Pour collecter les rêves, il faut un certain entrainement, car les rêves sont fugaces et s’évaporent le matin à notre réveil. Des techniques existent pour collecter ce genre de matériaux. L’une d’elles consiste à consigner dès le réveil les derniers éléments du dernier rêve sur un carnet, et d’essayer de se remémorer le rêve dans son intégralité. Petit à petit et avec patience, il est ainsi possible de constituer une onirothèque personnelle. Chaque rêveur doit être identifié sociologiquement, à travers une « biographie sociologique », comme le soumet Bernard Lahire.
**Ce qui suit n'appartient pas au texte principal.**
(* Let $(\mathcal S,\mathcal A,H,\mathbb P,\mu)$ be a finite episodic MDP, $\pi^+$ a deterministic target policy and $\epsilon>0$. Define manipulated mean rewards $\tilde\mu_h(s,a)=\mu(s,a)$ if $a=\pi^+_h(s)$, and $\tilde\mu_h(s,a)=Q^{\pi^+}_h(s,\pi^+_h(s))-\mathbb E_{s'\sim\mathbb P(\cdot\mid s,a)}[V^{\pi^+}_{h+1}(s')]-\epsilon$ otherwise, and let $\tilde Q^\pi_h,\tilde V^\pi_h$ be Q-values and values of deterministic policies in the MDP with transitions $\mathbb P$ and step-$h$ mean rewards $\tilde\mu_h$ (with $\tilde V_{H+1}\equiv 0$). Then for every $h\le H$, $s\in\mathcal S$, $a\ne\pi^+_h(s)$ and every deterministic policy $\pi$, $$\tilde Q^{\pi}_h(s,a)\le\tilde Q^{\pi^+}_h(s,\pi^+_h(s))-\epsilon,$$ and $\tilde V^\pi_h(s)\le\tilde V^{\pi^+}_h(s)$ for all $h,s,\pi$, with strict inequality whenever $\pi_h(s)\ne\pi^+_h(s)$.
   Context: $V^\pi_h(s)=\mathbb E[\sum_{h'=h}^H\mu(s_{h'},\pi_{h'}(s_{h'}))\mid s_h=s]$ and $Q^\pi_h(s,a)=\mu(s,a)+\mathbb E_{s'\sim\mathbb P(\cdot|s,a)}[V^\pi_{h+1}(s')]$ are the true values, with $V^\pi_{H+1}\equiv0$; $\tilde Q^\pi_h(s,a)=\tilde\mu_h(s,a)+\mathbb E_{s'\sim\mathbb P(\cdot|s,a)}[\tilde V^\pi_{h+1}(s')]$, $\tilde V^\pi_h(s)=\tilde Q^\pi_h(s,\pi_h(s))$. *)

From HB Require Import structures.
From mathcomp Require Import all_boot all_order all_algebra.
Set Implicit Arguments. Unset Strict Implicit. Unset Printing Implicit Defensive.
Import Order.TTheory GRing.Theory Num.Theory.
Local Open Scope ring_scope.

Section MDP.
Variables (R : realFieldType) (S A : finType).

(* transition kernel P s a s' = P(s' | s, a) *)
Definition is_kernel (P : S -> A -> S -> R) : Prop :=
  forall s a, (forall s', 0 <= P s a s') /\ \sum_(s' : S) P s a s' = 1.

(* deterministic (non-stationary) policy: pi h s is the action at step h *)
Definition policy := nat -> S -> A.

(* value with n remaining steps, starting at step h, step-dependent reward rew h s a *)
Fixpoint Vn (P : S -> A -> S -> R) (rew : nat -> S -> A -> R) (pi : policy)
  (n h : nat) (s : S) : R :=
  match n with
  | 0 => 0
  | n'.+1 => rew h s (pi h s) + \sum_(s' : S) P s (pi h s) s' * Vn P rew pi n' h.+1 s'
  end.

(* V^pi_h(s) for horizon H: H+1-h steps remain; V_{H+1} = 0 *)
Definition Vval (H : nat) P rew pi (h : nat) (s : S) : R := Vn P rew pi (H.+1 - h) h s.

Definition Qval (H : nat) P rew pi (h : nat) (s : S) (a : A) : R :=
  rew h s a + \sum_(s' : S) P s a s' * Vval H P rew pi h.+1 s'.

Definition stat_rew (mu : S -> A -> R) : nat -> S -> A -> R := fun _ s a => mu s a.

Definition manip_rew (H : nat) P (mu : S -> A -> R) (pip : policy) (eps : R)
  : nat -> S -> A -> R :=
  fun h s a =>
    if a == pip h s then mu s a
    else Qval H P (stat_rew mu) pip h s (pip h s)
         - \sum_(s' : S) P s a s' * Vval H P (stat_rew mu) pip h.+1 s' - eps.

End MDP.

(* The manipulated reward of a non-target action a is chosen so that playing a once and then
   following pi+ yields exactly Q^{pi+}_h(s, pi+_h(s)) - eps, while pi+ itself only collects the
   true rewards, so its manipulated and true values coincide.  Backward induction on h then shows
   that pi+ dominates every policy: deviating at step h costs eps immediately and, by the
   induction hypothesis, continuing with pi instead of pi+ afterwards cannot help. *)
From HB Require Import structures.
From mathcomp Require Import all_boot all_order all_algebra.
From mathcomp Require Import zify.
Set Implicit Arguments. Unset Strict Implicit. Unset Printing Implicit Defensive.
Import Order.TTheory GRing.Theory Num.Theory.
Local Open Scope ring_scope.

Section Values.
Variables (R : realFieldType) (S A : finType) (H : nat) (P : S -> A -> S -> R).

Lemma Vval_Qval rew (pi : policy S A) h s :
  (h <= H)%N -> Vval H P rew pi h s = Qval H P rew pi h s (pi h s).
Proof. by move=> le_hH; rewrite /Vval /Qval subSn //= subSS. Qed.

Lemma Vval_out rew (pi : policy S A) h s : (H < h)%N -> Vval H P rew pi h s = 0.
Proof. by move=> lt_Hh; rewrite /Vval (eqP lt_Hh). Qed.

Lemma expectation_le (f g : S -> R) s a :
  (forall s', 0 <= P s a s') -> (forall s', f s' <= g s') ->
  \sum_s' P s a s' * f s' <= \sum_s' P s a s' * g s'.
Proof. by move=> P_ge0 le_fg; apply: ler_sum => s' _; apply: ler_wpM2l. Qed.

End Values.

Section Manipulation.
Variables (R : realFieldType) (S A : finType) (H : nat).
Variables (P : S -> A -> S -> R) (mu : S -> A -> R) (pip : policy S A) (eps : R).
Hypothesis P_ge0 : forall s a s', 0 <= P s a s'.

Local Notation mut := (manip_rew H P mu pip eps).

Lemma Vn_manip_target n h s : Vn P mut pip n h s = Vn P (stat_rew mu) pip n h s.
Proof.
elim: n h s => [|n IH] h s //=.
by rewrite /manip_rew eqxx; congr (_ + _); apply: eq_bigr => s' _; rewrite IH.
Qed.

Lemma Vval_manip_target h s : Vval H P mut pip h s = Vval H P (stat_rew mu) pip h s.
Proof. exact: Vn_manip_target. Qed.

Lemma Qval_manip_target h s :
  Qval H P mut pip h s (pip h s) = Qval H P (stat_rew mu) pip h s (pip h s).
Proof.
rewrite /Qval /manip_rew eqxx; congr (_ + _).
by apply: eq_bigr => s' _; rewrite Vval_manip_target.
Qed.

Lemma manip_rew_gap h s a : a != pip h s ->
  mut h s a + \sum_s' P s a s' * Vval H P mut pip h.+1 s'
  = Qval H P mut pip h s (pip h s) - eps.
Proof.
move=> a_ne; rewrite Qval_manip_target.
under eq_bigr => s' _ do rewrite Vval_manip_target.
by rewrite [mut h s a]/manip_rew (negbTE a_ne) addrAC subrK.
Qed.

Lemma Qval_le_gap (pi : policy S A) h s a :
  (forall s', Vval H P mut pi h.+1 s' <= Vval H P mut pip h.+1 s') -> a != pip h s ->
  Qval H P mut pi h s a <= Qval H P mut pip h s (pip h s) - eps.
Proof.
move=> le_next a_ne; rewrite -(manip_rew_gap a_ne) /Qval lerD2l.
exact: expectation_le.
Qed.

Lemma Vval_le_target (eps_ge0 : 0 <= eps) (pi : policy S A) h s :
  Vval H P mut pi h s <= Vval H P mut pip h s.
Proof.
move: (leqnn (H.+1 - h)); move: {2}(H.+1 - h)%N => k.
elim: k h s => [|k IH] h s le_k; first by rewrite !Vval_out //; lia.
have [le_hH | lt_Hh] := leqP h H; last by rewrite !Vval_out.
have le_next s' : Vval H P mut pi h.+1 s' <= Vval H P mut pip h.+1 s'.
  by apply: IH; lia.
rewrite !Vval_Qval //; have [-> | pi_ne] := eqVneq (pi h s) (pip h s).
  by rewrite /Qval lerD2l; apply: expectation_le.
by apply: le_trans (Qval_le_gap le_next pi_ne) _; rewrite gerBl.
Qed.

Lemma Vval_lt_target (eps_gt0 : 0 < eps) (pi : policy S A) h s :
  (h <= H)%N -> pi h s != pip h s -> Vval H P mut pi h s < Vval H P mut pip h s.
Proof.
move=> le_hH pi_ne; rewrite !Vval_Qval //.
apply: le_lt_trans (Qval_le_gap _ pi_ne) _; last by rewrite ltrBlDr ltrDl.
by move=> s'; apply: Vval_le_target (ltW eps_gt0) _ _ _.
Qed.

End Manipulation.

Theorem mainTheorem6 (R : realFieldType) (S A : finType) (H : nat)
  (P : S -> A -> S -> R) (mu : S -> A -> R) (pip : policy S A) (eps : R) :
  is_kernel P -> 0 < eps ->
  let mut := manip_rew H P mu pip eps in
  (forall (pi : policy S A) (h : nat) (s : S) (a : A),
      (1 <= h <= H)%N -> a != pip h s ->
      Qval H P mut pi h s a <= Qval H P mut pip h s (pip h s) - eps)
  /\
  (forall (pi : policy S A) (h : nat) (s : S),
      (1 <= h <= H)%N ->
      Vval H P mut pi h s <= Vval H P mut pip h s
      /\ (pi h s != pip h s -> Vval H P mut pi h s < Vval H P mut pip h s)).
Proof.
move=> kernel eps_gt0 mut; rewrite {}/mut.
have P_ge0 s a s' : 0 <= P s a s' by case: (kernel s a).
have eps_ge0 := ltW eps_gt0.
split=> [pi h s a _ a_ne | pi h s /andP[_ le_hH]].
  by apply: (Qval_le_gap P_ge0) a_ne => s'; apply: Vval_le_target P_ge0 eps_ge0 _ _ _.
split; first exact: Vval_le_target P_ge0 eps_ge0 _ _ _.
exact: Vval_lt_target.
Qed.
Je n’entre pas dans le détail ici.

Dans les techniques de l’entretien, cette méthode consiste à relancer la personne en essayant de s’approcher de détails. Il ne s’agit d’interpréter les rêves, mais de guider le rêveur sur les détails. Car nous avons besoin de détails pour cerner avec la meilleure acuité possible la ville dont nous rêvons. Une des grosses difficultés du rêve c’est qu’il ne peut être appréhendé qu’à travers le récit, et donc à travers une forme plus ou moins romancée, censurée, modifiée du rêve.
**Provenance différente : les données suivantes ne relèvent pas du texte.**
Lemma mem_eval_word_snd w (D : int) (f : laurent2) (k : int) :
  (k \in (eval_word w (D, f)).2) =
  xor_mem (exponents (a_pairs w) D) k (+) xor_shift_mem f (exponents (x_pairs w) D) k.
Proof.
elim: w k => [|[g s] w IH] k /=; first by rewrite in_fset0.
rewrite mem_ladd mem_lshift IH eval_word_fst.
case: g; case: s => /=; rewrite ?mem_lshift ?in_fset1 ?in_fset0 ?addbA //.
- by congr (_ (+) _ (+) _); apply/eqP/eqP; lia.
- by congr (_ (+) _ (+) _); apply/eqP/eqP; lia.
- by rewrite [xor_mem _ _ (+) _]addbC; congr (_ (+) _ (+) _); congr (_ \in f); ring.
- by rewrite [xor_mem _ _ (+) _]addbC; congr (_ (+) _ (+) _); congr (_ \in f); ring.
Qed.

Lemma is_solutionE w (D : int) : exp_sum is_t w = 0 -> exp_sum is_x w = 0 ->
  (exists f, is_solution w (D, f)) <->
  (exists f : laurent2, forall k,
     xor_mem (exponents (a_pairs w) D) k = xor_shift_mem f (exponents (x_pairs w) D) k).
Proof.
move=> t0 x0; split=> -[f sol_f]; exists f.
  move=> k; have := mem_eval_word_snd w D f k; rewrite sol_f in_fset0.
  by case: (xor_mem _ k); case: (xor_shift_mem _ _ k).
rewrite /is_solution; have := eval_word_fst w D f; have := mem_eval_word_snd w D f.
case: (eval_word w (D, f)) => d g /= mem_g ->; rewrite t0 x0 mulr0 addr0; congr pair.
by apply/fsetP => k; rewrite mem_g sol_f in_fset0; case: (xor_shift_mem _ _ k).
Qed.

Notation F2 := 'F_2.

Lemma F2_addr_neq0 (x y : F2) : (x + y != 0) = (x != 0) (+) (y != 0).
Proof. by case: x => [[|[|m]] ?]; case: y => [[|[|n]] ?]. Qed.

Lemma F2_inj_neq0 (x y : F2) : (x != 0) = (y != 0) -> x = y.
Proof. by case: x => [[|[|m]] ?]; case: y => [[|[|n]] ?] //= _; apply/val_inj. Qed.

(* k lies in the support of the Laurent polynomial z^(-o) q. *)
Definition lsupp (q : {poly F2}) (o k : int) : bool :=
  (0 <= k + o) && (q`_(absz (k + o)) != 0).

Lemma xor_mem_uniq s k : uniq s -> xor_mem s k = (k \in s).
Proof.
elim: s => [|x s IH] //= /andP [x_notin /IH ->]; rewrite in_cons.
by case: (eqVneq k x) => [-> | ]; rewrite ?(negbTE x_notin).
Qed.

Lemma lsuppD p q o k : lsupp (p + q) o k = lsupp p o k (+) lsupp q o k.
Proof. by rewrite /lsupp coefD F2_addr_neq0; case: (0 <= k + o). Qed.

Lemma lsupp0 o k : lsupp 0 o k = false.
Proof. by rewrite /lsupp coef0 eqxx andbF. Qed.

Lemma lsuppXn e N k : 0 <= e + N -> lsupp 'X^(absz (e + N)) N k = (k == e).
Proof.
move=> ge0_eN; rewrite /lsupp coefXn.
have -> (b : bool) : ((b%:R : F2) != 0) = b by case: b.
by case: (boolP (0 <= k + N)) => ge0_kN /=; apply/eqP/eqP; lia.
Qed.

Lemma lsuppMXn q e N o k : 0 <= e + N ->
  lsupp (q * 'X^(absz (e + N))) (o + N) k = lsupp q o (k - e).
Proof.
move=> ge0_eN; rewrite /lsupp coefMXn.
case: (boolP (0 <= k - e + o)) => ge0_keo /=.
  have -> : (0 <= k + (o + N)) = true by apply/idP; lia.
  have -> : (absz (k + (o + N))%R < absz (e + N)%R)%N = false by apply/negbTE; lia.
  by have -> : (absz (k + (o + N))%R - absz (e + N)%R)%N = absz (k - e + o) by lia.
case: (boolP (0 <= k + (o + N))) => //= ge0_koN.
by have -> : (absz (k + (o + N))%R < absz (e + N)%R)%N = true by apply/idP; lia.
Qed.

Lemma lsupp_inj p q (o : int) : (forall k, lsupp p o k = lsupp q o k) -> p = q.
Proof.
move=> eq_pq; apply/polyP => i; apply: F2_inj_neq0.
by have := eq_pq (i%:Z - o); rewrite /lsupp subrK.
Qed.

Definition exps_poly (N : int) (L : seq int) : {poly F2} := \sum_(e <- L) 'X^(absz (e + N)).

Lemma xor_mem_lsupp L N k : (forall e, e \in L -> 0 <= e + N) ->
  xor_mem L k = lsupp (exps_poly N L) N k.
Proof.
elim: L => [|e L IH] ge0_L; first by rewrite /exps_poly big_nil lsupp0.
rewrite /exps_poly big_cons lsuppD lsuppXn ?ge0_L ?mem_head //= IH // => x x_in.
by rewrite ge0_L // in_cons x_in orbT.
Qed.

Lemma xor_shift_mem_lsupp (f : laurent2) q o L N k : (forall k, (k \in f) = lsupp q o k) ->
  (forall e, e \in L -> 0 <= e + N) ->
  xor_shift_mem f L k = lsupp (q * exps_poly N L) (o + N) k.
Proof.
move=> def_f; elim: L => [|e L IH] ge0_L; first by rewrite /exps_poly big_nil mulr0 lsupp0.
rewrite /exps_poly big_cons mulrDr lsuppD lsuppMXn ?ge0_L ?mem_head //= IH ?def_f // => x x_in.
by rewrite ge0_L // in_cons x_in orbT.
Qed.

Lemma laurent2_poly (f : laurent2) : exists (q : {poly F2}) (o : nat),
  forall k, (k \in f) = lsupp q o%:Z k.
Proof.
pose o := (\sum_(x <- f) absz x)%N.
have ge0_f x : x \in (f : seq int) -> 0 <= x + o%:Z.
  move=> x_in; have : (absz x <= o)%N by rewrite /o (big_rem x) ?leq_addr.
  lia.
by exists (exps_poly o%:Z f), o => k; rewrite -(xor_mem_lsupp _ ge0_f) xor_mem_uniq ?fset_uniq.
Qed.

Definition laurent2_of_poly (q : {poly F2}) (o : int) : laurent2 :=
  [fset (i%:Z - o)%R | i in [seq i <- iota 0 (size q) | q`_i != 0]]%fset.

Lemma mem_laurent2_of_poly q o k : (k \in laurent2_of_poly q o) = lsupp q o k.
Proof.
rewrite /lsupp; apply/imfsetP/idP => [[i i_in ->] | /andP [ge0_ko nz_q]].
  by move: i_in; rewrite mem_filter subrK => /andP [-> _].
exists (absz (k + o)); last by lia.
rewrite mem_filter mem_iota nz_q add0n /=.
by apply: contraNT nz_q; rewrite -leqNgt => /(nth_default 0) ->.
Qed.

(* Multiplying by z^N makes all exponents nonnegative. *)
Lemma solvable_iff_ldvdp La Lx N : (forall e, e \in La ++ Lx -> 0 <= e + N) ->
  (exists f : laurent2, forall k, xor_mem La k = xor_shift_mem f Lx k) <->
  ldvdp (exps_poly N Lx) (exps_poly N La).
Proof.
move=> ge0_L.
have ge0_La e : e \in La -> 0 <= e + N by move=> e_in; rewrite ge0_L // mem_cat e_in.
have ge0_Lx e : e \in Lx -> 0 <= e + N by move=> e_in; rewrite ge0_L // mem_cat e_in orbT.
split=> [[f sol_f] | [j /dvdpP [q def_q]]].
  have [q [o def_f]] := laurent2_poly f.
  have eq_pq : exps_poly N La * 'X^o = q * exps_poly N Lx.
    apply: (@lsupp_inj _ _ (N + o%:Z)) => k.
    have := @lsuppMXn (exps_poly N La) 0 o%:Z N k; rewrite add0r subr0 => -> //.
    by rewrite [N + _]addrC -(xor_mem_lsupp k ge0_La) sol_f (xor_shift_mem_lsupp k def_f ge0_Lx).
  by exists o; rewrite mulrC eq_pq dvdp_mulIr.
exists (laurent2_of_poly q j%:Z) => k.
rewrite (xor_mem_lsupp k ge0_La) (xor_shift_mem_lsupp k (mem_laurent2_of_poly q j%:Z) ge0_Lx).
rewrite -def_q mulrC addrC.
by have := @lsuppMXn (exps_poly N La) 0 j%:Z N k; rewrite add0r subr0 => <-.
Qed.

Definition bool_sign (s : bool) : int := if s then -1 else 1.

(* The bivariate polynomial sum_p X^(p.1 - am) Y^(s p.2 - bm); substituting Y := X^E gives the
   polynomial of the exponents p.1 + p.2 (s E), up to the shift X^(am + bm E). *)
Definition pairs_bipoly (ps : seq (int * int)) (s : bool) (am bm : int) : {poly {poly F2}} :=
  \sum_(p <- ps) ('X^(absz (p.1 - am)%R))%:P * 'X^(absz (bool_sign s * p.2 - bm)%R).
Salvador Dali, Banlieue de la ville paranoïaque-critique, 1936, DR

 

Ensuite, nous pourrons rechercher les origines des matériaux de nos rêves. Où puisons-nous nos sources ? Dans les films, dans les livres, dans notre créativité ? Et quelles sont les différences d’avec la réalité ? Les villes rêvées sont-elles simples et banales ou bien extra-ordinaires et délirantes ? Le plus souvent, dans un rêve, on ne perçoit pas la ville dans son entièreté, mais à un endroit : cela se passe dans un magasin, dans la rue, sur une place, etc. Pouvez-vous décrire cette place ? Quels sont les éléments caractéristiques ? Quels en sont les liens avec la réalité vécue ?

Il existe de nombreux témoignages d’auteurs racontant leurs rêves, ou de peintres ayant pris le rêve comme médium, comme le montre Nicolas Heckel, à qui j’ai emprunté l’image de Jérôme Bosch. Mais le plus actuel et important travail revient au sociologue Bernard Lahire qui vient de publier le premier tome d’une enquête sur le rêve.

Près de 500 pages pour élaborer un programme de recherche pour une sociologie du rêve, voilà de quoi bien terminer l’été. Page 97, je note : « un rêve ne peut donc être correctement interprété si le récit de rêve n’est pas articulé aux dispositions incorporées du rêveur dont une partie a pu commencer à être formée dès la petite enfance, à l’état de sa problématique existentielle dans la période où il rêve […], aux éléments contextuels déclencheurs du rêve dans le passé immédiat […] et au cadre du sommeil dans lequel prennent forme les images animées du rêve ».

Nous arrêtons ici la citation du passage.